For the data below, say how many lines contain "Implicit". Only the number should be given.

◆ ◆ ◆

(* For every odd integer $g\geqslant1$, $J_g^-=J_{g-1}^-$.
   Context: $\zeta_k^-\in\mathbb{C}[\alpha,\gamma]$: $\zeta^-_i=0$ for $i<0$, $\zeta^-_0=1$, $\zeta^-_{k+1}=\alpha\zeta^-_k-16k^2\zeta^-_{k-1}+2k(k-1)\gamma\zeta^-_{k-2}$ for $k$ odd and $\zeta^-_{k+1}=\alpha\zeta^-_k+2k(k-1)\gamma\zeta^-_{k-2}$ for $k$ even ($k\geqslant0$); $J^-_k$ is the ideal $(\zeta^-_k,\zeta^-_{k+1},\zeta^-_{k+2})$ of $\mathbb{C}[\alpha,\gamma]$. *)

From mathcomp Require Import all_boot all_algebra.
From mathcomp Require Import complex Rstruct.
Set Implicit Arguments. Unset Strict Implicit. Unset Printing Implicit Defensive.
Import GRing.Theory.
Local Open Scope ring_scope.

Definition CC : Type := Rdefinitions.R[i].
Definition CAG : Type := {poly {poly CC}}.
Definition alpha : CAG := 'X.
Definition gamma : CAG := ('X)%:P.

(* zeta3 k = (zeta^-_k, zeta^-_{k-1}, zeta^-_{k-2}), with zeta^-_i = 0 for i < 0. *)
Fixpoint zeta3 (k : nat) : CAG * CAG * CAG :=
  match k with
  | O => (1, 0, 0)
  | S k' =>
      let '(z0, z1, z2) := zeta3 k' in
      let znew :=
        if odd k' then
          alpha * z0 - (16 * (k' ^ 2)%N)%:R * z1 + (2 * k' * (k'.-1))%N%:R * gamma * z2
        else
          alpha * z0 + (2 * k' * (k'.-1))%N%:R * gamma * z2 in
      (znew, z0, z1)
  end.

Definition zeta_minus (k : nat) : CAG := (zeta3 k).1.1.

Definition in_J_minus (k : nat) (p : CAG) : Prop :=
  exists a b c : CAG,
    p = a * zeta_minus k + b * zeta_minus k.+1 + c * zeta_minus k.+2.

(* The inclusion J_g <= J_(g-1) is the recurrence for zeta_(g+2); the content
   is zeta_(g-1) \in J_g.  Write g = 2m+1.  The recurrence gives
   gamma J_(2i) <= J_(2i+2) and gamma J_(2m) <= J_(2m+1), hence
   gamma^(m-i) zeta_(2i+2) \in J_(2m+1).  The combinations
   s_i = 4(2i+1) zeta_(2i) +- zeta_(2i+1) satisfy
     (4(2i+3) -+ alpha) s_(i+1) = +-4(i+1)(2i+3) gamma s_i - zeta_(2i+4),
   so by induction on i both products prod_(j<=m) (4(2j+1) -+ alpha) kill
   zeta_(2m) modulo J_(2m+1).  Their roots +-4(2j+1) in alpha are disjoint, so
   the two products generate the unit ideal and zeta_(2m) \in J_(2m+1).  The
   integers divided by along the way are positive, hence units over C. *)

From HB Require Import structures.
From mathcomp Require Import all_boot all_algebra.
From mathcomp Require Import complex Rstruct.
From mathcomp Require Import ring.
Set Implicit Arguments. Unset Strict Implicit. Unset Printing Implicit Defensive.
Import GRing.Theory Num.Theory.
Local Open Scope ring_scope.

Section Ideal3.
Variable R : comPzRingType.
Implicit Types a b c p r u v x y z : R.

Definition ideal3 x y z p : Prop := exists a b c, p = a * x + b * y + c * z.

Lemma ideal3D x y z p q : ideal3 x y z p -> ideal3 x y z q -> ideal3 x y z (p + q).
Proof.
case=> a [b [c ->]] [a' [b' [c' ->]]].
by exists (a + a'), (b + b'), (c + c'); ring.
Qed.

Lemma ideal3Ml x y z r p : ideal3 x y z p -> ideal3 x y z (r * p).
Proof. by case=> a [b [c ->]]; exists (r * a), (r * b), (r * c); ring. Qed.

Lemma ideal3N x y z p : ideal3 x y z p -> ideal3 x y z (- p).
Proof. by rewrite -mulN1r; apply: ideal3Ml. Qed.

Lemma ideal3B x y z p q : ideal3 x y z p -> ideal3 x y z q -> ideal3 x y z (p - q).
Proof. by move=> Ip Iq; apply: ideal3D => //; apply: ideal3N. Qed.

Lemma ideal3_gen1 x y z : ideal3 x y z x.
Proof. by exists 1, 0, 0; ring. Qed.

Lemma ideal3_gen2 x y z : ideal3 x y z y.
Proof. by exists 0, 1, 0; ring. Qed.

Lemma ideal3_gen3 x y z : ideal3 x y z z.
Proof. by exists 0, 0, 1; ring. Qed.

Lemma ideal3_mul_subset r x y z x' y' z' :
    ideal3 x' y' z' (r * x) -> ideal3 x' y' z' (r * y) -> ideal3 x' y' z' (r * z) ->
  forall p, ideal3 x y z p -> ideal3 x' y' z' (r * p).
Proof.
move=> Ix Iy Iz _ [a [b [c ->]]].
have -> : r * (a * x + b * y + c * z) = a * (r * x) + b * (r * y) + c * (r * z) by ring.
by apply: ideal3D; [apply: ideal3D|]; apply: ideal3Ml.
Qed.

Lemma ideal3_subset x y z x' y' z' :
    ideal3 x' y' z' x -> ideal3 x' y' z' y -> ideal3 x' y' z' z ->
  forall p, ideal3 x y z p -> ideal3 x' y' z' p.
Proof.
move=> Ix Iy Iz p Ip; rewrite -[p]mul1r.
by apply: (ideal3_mul_subset _ _ _ Ip); rewrite mul1r.
Qed.

Definition comaximal u v := exists s t, s * u + t * v = 1.

Lemma comaximal_sym u v : comaximal u v -> comaximal v u.
Proof. by case=> s [t uv1]; exists t, s; rewrite addrC. Qed.

Lemma comaximalMr u v w : comaximal u v -> comaximal u w -> comaximal u (v * w).
Proof.
case=> s [t uv1] [s' [t' uw1]].
exists (s * s' * u + s * t' * w + t * s' * v), (t * t').
by rewrite -[1]mulr1 -{1}uv1 -uw1; ring.
Qed.

Lemma comaximal_prodr (I : Type) (rI : seq I) (P : pred I) (F : I -> R) u :
  (forall i, P i -> comaximal u (F i)) -> comaximal u (\prod_(i <- rI | P i) F i).
Proof.
move=> uF; apply: (big_ind (comaximal u)) => //; last exact: comaximalMr.
by exists 0, 1; ring.
Qed.

Lemma comaximal_prodl (I : Type) (rI : seq I) (P : pred I) (F : I -> R) v :
  (forall i, P i -> comaximal (F i) v) -> comaximal (\prod_(i <- rI | P i) F i) v.
Proof.
by move=> Fv; apply/comaximal_sym/comaximal_prodr => i /Fv /comaximal_sym.
Qed.

Lemma ideal3_comaximal x y z u v p : comaximal u v ->
  ideal3 x y z (u * p) -> ideal3 x y z (v * p) -> ideal3 x y z p.
Proof.
case=> s [t uv1] Iup Ivp.
have -> : p = s * (u * p) + t * (v * p) by rewrite !mulrA -mulrDl uv1 mul1r.
by apply: ideal3D; apply: ideal3Ml.
Qed.

End Ideal3.

Section Ideal3Unit.
Variable R : comUnitRingType.
Implicit Types p u v x y z : R.

Lemma comaximal_add_unit u v : u + v \is a GRing.unit -> comaximal u v.
Proof. by move=> uvU; exists (u + v)^-1, (u + v)^-1; rewrite -mulrDr mulVr. Qed.

Lemma ideal3_unit_cancel x y z u p : u \is a GRing.unit ->
  ideal3 x y z (u * p) -> ideal3 x y z p.
Proof. by move=> uU /(ideal3Ml u^-1); rewrite mulKr. Qed.

End Ideal3Unit.

HB.instance Definition _ := GRing.ComUnitRing.on CAG.

Local Notation Z := zeta_minus.
Local Notation J k := (ideal3 (Z k) (Z k.+1) (Z k.+2)).

Lemma natr_unit n : (0 < n)%N -> (n%:R : CAG) \is a GRing.unit.
Proof.
move=> n_gt0; have -> : (n%:R : CAG) = ((n%:R : CC)%:P)%:P by rewrite !rmorph_nat.
by do 2!apply: rmorph_unit; rewrite unitfE pnatr_eq0 -lt0n.
Qed.

Lemma zeta_minus_rec k : Z k.+3 =
  if odd k.+2 then
    alpha * Z k.+2 - (16 * k.+2 ^ 2)%:R * Z k.+1 + (2 * k.+2 * k.+1)%:R * gamma * Z k
  else alpha * Z k.+2 + (2 * k.+2 * k.+1)%:R * gamma * Z k.
Proof. by rewrite /zeta_minus /=; case: (zeta3 k) => [[a b] c]. Qed.

Lemma zeta_minus_odd k : Z (k.*2).+3 =
  alpha * Z (k.*2).+2 + (2 * (k.*2).+2 * (k.*2).+1)%:R * gamma * Z k.*2.
Proof. by rewrite zeta_minus_rec /= odd_double. Qed.

Lemma zeta_minus_even k : Z (k.*2).+4 =
  alpha * Z (k.*2).+3 - (16 * (k.*2).+3 ^ 2)%:R * Z (k.*2).+2
  + (2 * (k.*2).+3 * (k.*2).+2)%:R * gamma * Z (k.*2).+1.
Proof. by rewrite zeta_minus_rec /= odd_double. Qed.

Lemma gamma_zeta_even_mem k x y z :
    ideal3 x y z (Z (k.*2).+2) -> ideal3 x y z (Z (k.*2).+3) ->
  ideal3 x y z (gamma * Z k.*2).
Proof.
move=> I2 I3; pose n := (2 * (k.*2).+2 * (k.*2).+1)%N.
apply: (@ideal3_unit_cancel _ _ _ _ n%:R); first by apply: natr_unit; rewrite !muln_gt0.
have -> : n%:R * (gamma * Z k.*2) = Z (k.*2).+3 - alpha * Z (k.*2).+2.
  by rewrite /n zeta_minus_odd; ring.
by apply: ideal3B => //; apply: ideal3Ml.
Qed.

Lemma gamma_zeta_odd_mem k x y z :
    ideal3 x y z (Z (k.*2).+2) -> ideal3 x y z (Z (k.*2).+3) ->
    ideal3 x y z (Z (k.*2).+4) ->
  ideal3 x y z (gamma * Z (k.*2).+1).
Proof.
move=> I2 I3 I4; pose n := (2 * (k.*2).+3 * (k.*2).+2)%N.
apply: (@ideal3_unit_cancel _ _ _ _ n%:R); first by apply: natr_unit; rewrite !muln_gt0.
have -> : n%:R * (gamma * Z (k.*2).+1) =
    Z (k.*2).+4 - alpha * Z (k.*2).+3 + (16 * (k.*2).+3 ^ 2)%:R * Z (k.*2).+2.
  by rewrite /n zeta_minus_even; ring.
by apply: ideal3D; [apply: ideal3B => //|]; apply: ideal3Ml.
Qed.

Lemma J_gamma_even k p : J k.*2 p -> J (k.*2).+2 (gamma * p).
Proof.
apply: ideal3_mul_subset; last by apply: ideal3Ml; apply: ideal3_gen1.
  by apply: gamma_zeta_even_mem; [apply: ideal3_gen1 | apply: ideal3_gen2].
by apply: gamma_zeta_odd_mem; [apply: ideal3_gen1 | apply: ideal3_gen2 | apply: ideal3_gen3].
Qed.

Lemma J_gamma_odd k p : J k.*2 p -> J (k.*2).+1 (gamma * p).
Proof.
apply: ideal3_mul_subset; last by apply: ideal3Ml; apply: ideal3_gen2.
  by apply: gamma_zeta_even_mem; [apply: ideal3_gen2 | apply: ideal3_gen3].
by apply: ideal3Ml; apply: ideal3_gen1.
Qed.

Lemma J_gammaX k d p : J k.*2 p -> J (k + d).*2 (gamma ^+ d * p).
Proof.
move=> Jp; elim: d => [|d IH]; first by rewrite addn0 expr0 mul1r.
by rewrite addnS exprS -mulrA; apply: J_gamma_even.
Qed.

Lemma gammaX_zeta_J k d : J (k + d).*2.+1 (gamma ^+ d * Z (k.*2).+2).
Proof.
case: d => [|d]; first by rewrite addn0 expr0 mul1r; apply: ideal3_gen2.
rewrite exprS -mulrA addnS -addSn; apply: J_gamma_odd.
by apply: (@J_gammaX k.+1 d (Z k.*2.+2)); apply: ideal3_gen1.
Qed.

Definition lin_factor (b : bool) (j : nat) : CAG := (4 * (j.*2).+1)%:R - (-1) ^+ b * alpha.

Definition zeta_comb (b : bool) (i : nat) : CAG :=
  (4 * (i.*2).+1)%:R * Z i.*2 + (-1) ^+ b * Z (i.*2).+1.

Lemma lin_factor_zeta_comb0 b : lin_factor b 0 * zeta_comb b 0 = - Z 2.
Proof. by rewrite /lin_factor /zeta_comb /zeta_minus /= double0; case: b; ring. Qed.

Lemma lin_factor_zeta_combS b i : lin_factor b i.+1 * zeta_comb b i.+1 =
  (-1) ^+ b * (4 * i.+1 * (i.*2).+3)%:R * gamma * zeta_comb b i - Z (i.*2).+4.
Proof.
rewrite /lin_factor /zeta_comb doubleS zeta_minus_even zeta_minus_odd.
by rewrite -!mul2n; case: b; ring.
Qed.

Lemma prod_lin_factor_zeta_comb_J b i d :
  J (i + d).*2.+1 ((\prod_(j < i.+1) lin_factor b j) * (gamma ^+ d * zeta_comb b i)).
Proof.
elim: i d => [|i IH] d.
  rewrite big_ord1 mulrCA lin_factor_zeta_comb0 mulrN.
  by apply: ideal3N; apply: (gammaX_zeta_J 0).
rewrite big_ord_recr /= -mulrA [lin_factor _ _ * _]mulrCA lin_factor_zeta_combS.
set P := \prod_(j < i.+1) lin_factor b j.
have -> : P * (gamma ^+ d * ((-1) ^+ b * (4 * i.+1 * (i.*2).+3)%:R * gamma * zeta_comb b i
                            - Z (i.*2).+4)) =
    (-1) ^+ b * (4 * i.+1 * (i.*2).+3)%:R * (P * (gamma ^+ d.+1 * zeta_comb b i))
    - P * (gamma ^+ d * Z (i.+1).*2.+2) by rewrite exprS; ring.
apply: ideal3B; apply: ideal3Ml; first by rewrite addSnnS; apply: IH.
exact: gammaX_zeta_J.
Qed.

Lemma prod_lin_factor_zeta_J b m :
  J (m.*2).+1 ((\prod_(j < m.+1) lin_factor b j) * Z m.*2).
Proof.
set P := \prod_(j < m.+1) lin_factor b j.
have := prod_lin_factor_zeta_comb_J b m 0; rewrite addn0 expr0 mul1r -/P => J_comb.
apply: (@ideal3_unit_cancel _ _ _ _ (4 * (m.*2).+1)%:R); first exact: natr_unit.
have -> : (4 * (m.*2).+1)%:R * (P * Z m.*2) =
    P * zeta_comb b m - (-1) ^+ b * (P * Z (m.*2).+1) by rewrite /zeta_comb; ring.
by apply: ideal3B => //; do 2!apply: ideal3Ml; apply: ideal3_gen1.
Qed.

Lemma lin_factors_comaximal m n :
  comaximal (\prod_(i < m) lin_factor false i) (\prod_(j < n) lin_factor true j).
Proof.
apply: comaximal_prodl => i _; apply: comaximal_prodr => j _.
apply: comaximal_add_unit.
have -> : lin_factor false i + lin_factor true j = (4 * (i.*2).+1 + 4 * (j.*2).+1)%:R.
  by rewrite /lin_factor natrD; ring.
by apply: natr_unit; rewrite addn_gt0.
Qed.

Lemma zeta_even_J m : J (m.*2).+1 (Z m.*2).
Proof.
exact: ideal3_comaximal (lin_factors_comaximal m.+1 m.+1)
  (prod_lin_factor_zeta_J false m) (prod_lin_factor_zeta_J true m).
Qed.

Theorem corollary5p5 (g : nat) :
  odd g -> (1 <= g)%N ->
  forall p : CAG, in_J_minus g p <-> in_J_minus (g - 1) p.
Proof.
move=> g_odd _ p; have -> : g = (g./2).*2.+1 by rewrite -[LHS]odd_double_half g_odd.
rewrite subn1 /=.
split; apply: ideal3_subset.
- exact: ideal3_gen2.
- exact: ideal3_gen3.
- rewrite zeta_minus_odd; apply: ideal3D; apply: ideal3Ml.
    exact: ideal3_gen3.
  exact: ideal3_gen1.
- exact: zeta_even_J.
- exact: ideal3_gen1.
- exact: ideal3_gen2.
Qed.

◆ ◆ ◆

| RESULT |
4